(* Let $0<\alpha<1$, $T>0$, $M\ge 2$ an integer, $\tau=T/M$, $t_j=j\tau$ ($j=0,1,\dots,M$), and let $u\in\mathcal{C}^3[0,T]$. Then for every $j=1,2,\dots,M-1$, $$\left|\partial_{0t_{j+1}}^{\alpha}u-\Delta_{0t_{j+1}}^{\alpha}u\right|=\mathcal{O}(\tau^{3-\alpha}),$$ i.e. $\left|\partial_{0t_{j+1}}^{\alpha}u-\Delta_{0t_{j+1}}^{\alpha}u\right|\le C\tau^{3-\alpha}$ with a constant $C$ depending only on $\alpha$ and $\max_{[0,T]}|u'''|$ (not on $\tau$ or $j$).
   Context: The Caputo derivative of order $\alpha\in(0,1)$ is $\partial_{0t}^{\alpha}u=\frac{1}{\Gamma(1-\alpha)}\int_0^t u'(\eta)(t-\eta)^{-\alpha}\,d\eta$. Set $u_{t,s}=(u(t_{s+1})-u(t_s))/\tau$, $a_l^{(\alpha)}=(l+1)^{1-\alpha}-l^{1-\alpha}$ and $b_l^{(\alpha)}=\frac{1}{2-\alpha}\left[(l+1)^{2-\alpha}-l^{2-\alpha}\right]-\frac12\left[(l+1)^{1-\alpha}+l^{1-\alpha}\right]$ for $l\ge0$. The L2 formula is $$\Delta_{0t_{j+1}}^{\alpha}u=\frac{\tau^{1-\alpha}}{\Gamma(2-\alpha)}\sum_{s=0}^{j}c_{j-s}^{(\alpha)}u_{t,s},$$ where the coefficients $c_s^{(\alpha)}$ (which depend on $j$) are: for $j=1$: $c_0^{(\alpha)}=a_0^{(\alpha)}+b_0^{(\alpha)}+b_1^{(\alpha)}$, $c_1^{(\alpha)}=a_1^{(\alpha)}-b_1^{(\alpha)}-b_0^{(\alpha)}$; for $j=2$: $c_0^{(\alpha)}=a_0^{(\alpha)}+b_0^{(\alpha)}$, $c_1^{(\alpha)}=a_1^{(\alpha)}+b_1^{(\alpha)}+b_2^{(\alpha)}-b_0^{(\alpha)}$, $c_2^{(\alpha)}=a_2^{(\alpha)}-b_2^{(\alpha)}-b_1^{(\alpha)}$; for $j\ge3$: $c_0^{(\alpha)}=a_0^{(\alpha)}+b_0^{(\alpha)}$, $c_s^{(\alpha)}=a_s^{(\alpha)}+b_s^{(\alpha)}-b_{s-1}^{(\alpha)}$ for $1\le s\le j-2$, $c_{j-1}^{(\alpha)}=a_{j-1}^{(\alpha)}+b_{j-1}^{(\alpha)}+b_j^{(\alpha)}-b_{j-2}^{(\alpha)}$, $c_j^{(\alpha)}=a_j^{(\alpha)}-b_j^{(\alpha)}-b_{j-1}^{(\alpha)}$. *)

From Stdlib Require Import Reals.
From Coquelicot Require Import Coquelicot.
Open Scope R_scope.

Definition Gamma (s : R) : R :=
  RInt_gen (fun x => Rpower x (s - 1) * exp (- x)) (at_right 0) (Rbar_locally p_infty).

Definition caputo (alpha : R) (u : R -> R) (t : R) : R :=
  RInt_gen (fun eta => Derive u eta * Rpower (t - eta) (- alpha)) (at_point 0) (at_left t)
  / Gamma (1 - alpha).

(* x^p for x >= 0 and p > 0, with the convention 0^p = 0
   (Stdlib's Rpower 0 p = exp (p * ln 0) = 1, which is wrong here). *)
Definition rpow (x p : R) : R := if Rle_dec x 0 then 0 else Rpower x p.

Definition a_coef (alpha : R) (l : nat) : R :=
  rpow (INR l + 1) (1 - alpha) - rpow (INR l) (1 - alpha).

Definition b_coef (alpha : R) (l : nat) : R :=
  / (2 - alpha) * (rpow (INR l + 1) (2 - alpha) - rpow (INR l) (2 - alpha))
  - / 2 * (rpow (INR l + 1) (1 - alpha) + rpow (INR l) (1 - alpha)).

Definition c_coef (alpha : R) (j s : nat) : R :=
  let a := a_coef alpha in let b := b_coef alpha in
  match j with
  | 0%nat => a 0%nat
  | 1%nat => if Nat.eqb s 0 then a 0%nat + b 0%nat + b 1%nat
             else a 1%nat - b 1%nat - b 0%nat
  | 2%nat => if Nat.eqb s 0 then a 0%nat + b 0%nat
             else if Nat.eqb s 1 then a 1%nat + b 1%nat + b 2%nat - b 0%nat
             else a 2%nat - b 2%nat - b 1%nat
  | _ => if Nat.eqb s 0 then a 0%nat + b 0%nat
         else if Nat.leb s (j - 2) then a s + b s - b (s - 1)%nat
         else if Nat.eqb s (j - 1) then a (j - 1)%nat + b (j - 1)%nat + b j - b (j - 2)%nat
         else a j - b j - b (j - 1)%nat
  end.

Definition L2_formula (alpha tau : R) (u : R -> R) (j : nat) : R :=
  Rpower tau (1 - alpha) / Gamma (2 - alpha) *
  sum_f_R0 (fun s => c_coef alpha j (j - s)%nat *
                     ((u (INR (s + 1) * tau) - u (INR s * tau)) / tau)) j.

(* On the cell [t_k, t_(k+1)] the L2 formula integrates exactly, against the kernel
   w(x) = (t_(j+1) - x)^(-alpha), the linear function A_k + D_k (x - m_k), where A_k is the
   divided difference of u on the cell, m_k its midpoint and D_k the second divided difference
   over the cell and its left neighbour (its right one for k = 0).  This is the derivative of
   the quadratic interpolant of u at three consecutive nodes, so it is within 5 K tau^2 of u'.
   On the last cell this gives an error 5 K tau^2 * int w = O(tau^(3-alpha)).  On the other
   cells u' - (A_k + D_k (x - m_k)) has mean zero, so w may be replaced by w - w(t_k); the
   resulting bounds 5 K tau^3 (w(t_(k+1)) - w(t_k)) telescope to 5 K tau^3 tau^(-alpha).
   Summation by parts turns sum_k (a_(j-k) A_k + b_(j-k) tau D_k) into the coefficients c_s of
   the L2 formula, and Gamma(2 - alpha) = (1 - alpha) Gamma(1 - alpha) reconciles the two
   normalisations. *)

From Stdlib Require Import Reals Lra Lia Factorial.
From Coquelicot Require Import Coquelicot.
Open Scope R_scope.

Lemma Rpower_gt0 x p : 0 < Rpower x p.
Proof. apply exp_pos. Qed.

Lemma Rpower_plus1 x p : 0 < x -> Rpower x (p + 1) = x * Rpower x p.
Proof. intros Hx. rewrite Rpower_plus, Rpower_1 by exact Hx. ring. Qed.

Lemma is_derive_Rpower x p : 0 < x ->
  is_derive (fun y => Rpower y p) x (p * Rpower x (p - 1)).
Proof. intros Hx. now apply is_derive_Reals, derivable_pt_lim_power. Qed.

Lemma ex_derive_Rpower x p : 0 < x -> ex_derive (fun y => Rpower y p) x.
Proof. intros Hx. eexists. now apply is_derive_Rpower. Qed.

Lemma Derive_Rpower x p : 0 < x -> Derive (fun y => Rpower y p) x = p * Rpower x (p - 1).
Proof. intros Hx. now apply is_derive_unique, is_derive_Rpower. Qed.

Lemma continuous_Rpower x p : 0 < x -> continuous (fun y => Rpower y p) x.
Proof.
  intros Hx. apply (@ex_derive_continuous R_AbsRing R_NormedModule). now apply ex_derive_Rpower.
Qed.

Lemma continuous_Rpower_sub t p x : x < t -> continuous (fun y => Rpower (t - y) p) x.
Proof.
  intros Hx. apply (@ex_derive_continuous R_AbsRing R_NormedModule).
  auto_derive. apply ex_derive_Rpower. lra.
Qed.

Lemma Rpower_sub_le_compat t p x y : p <= 0 -> x <= y < t ->
  Rpower (t - x) p <= Rpower (t - y) p.
Proof.
  intros Hp Hxy.
  replace p with (- - p) by ring. rewrite !(Rpower_Ropp _ (- p)).
  apply Rinv_le_contravar; [apply Rpower_gt0|].
  apply Rle_Rpower_l; lra.
Qed.

Lemma exp_opp_le1 x : 0 <= x -> exp (- x) <= 1.
Proof.
  intros Hx. rewrite <- exp_0.
  destruct (Rle_lt_or_eq_dec 0 x Hx) as [Hlt | <-].
  - apply Rlt_le, exp_increasing. lra.
  - rewrite Ropp_0. apply Rle_refl.
Qed.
════
* Task item
Here the output must be the lines above from the line with "match j with" to the line with "else if Nat.eqb s 1", both included, duplicated word for word and nothing else.

* Exercise response
  match j with
  | 0%nat => a 0%nat
  | 1%nat => if Nat.eqb s 0 then a 0%nat + b 0%nat + b 1%nat
             else a 1%nat - b 1%nat - b 0%nat
  | 2%nat => if Nat.eqb s 0 then a 0%nat + b 0%nat
             else if Nat.eqb s 1 then a 1%nat + b 1%nat + b 2%nat - b 0%nat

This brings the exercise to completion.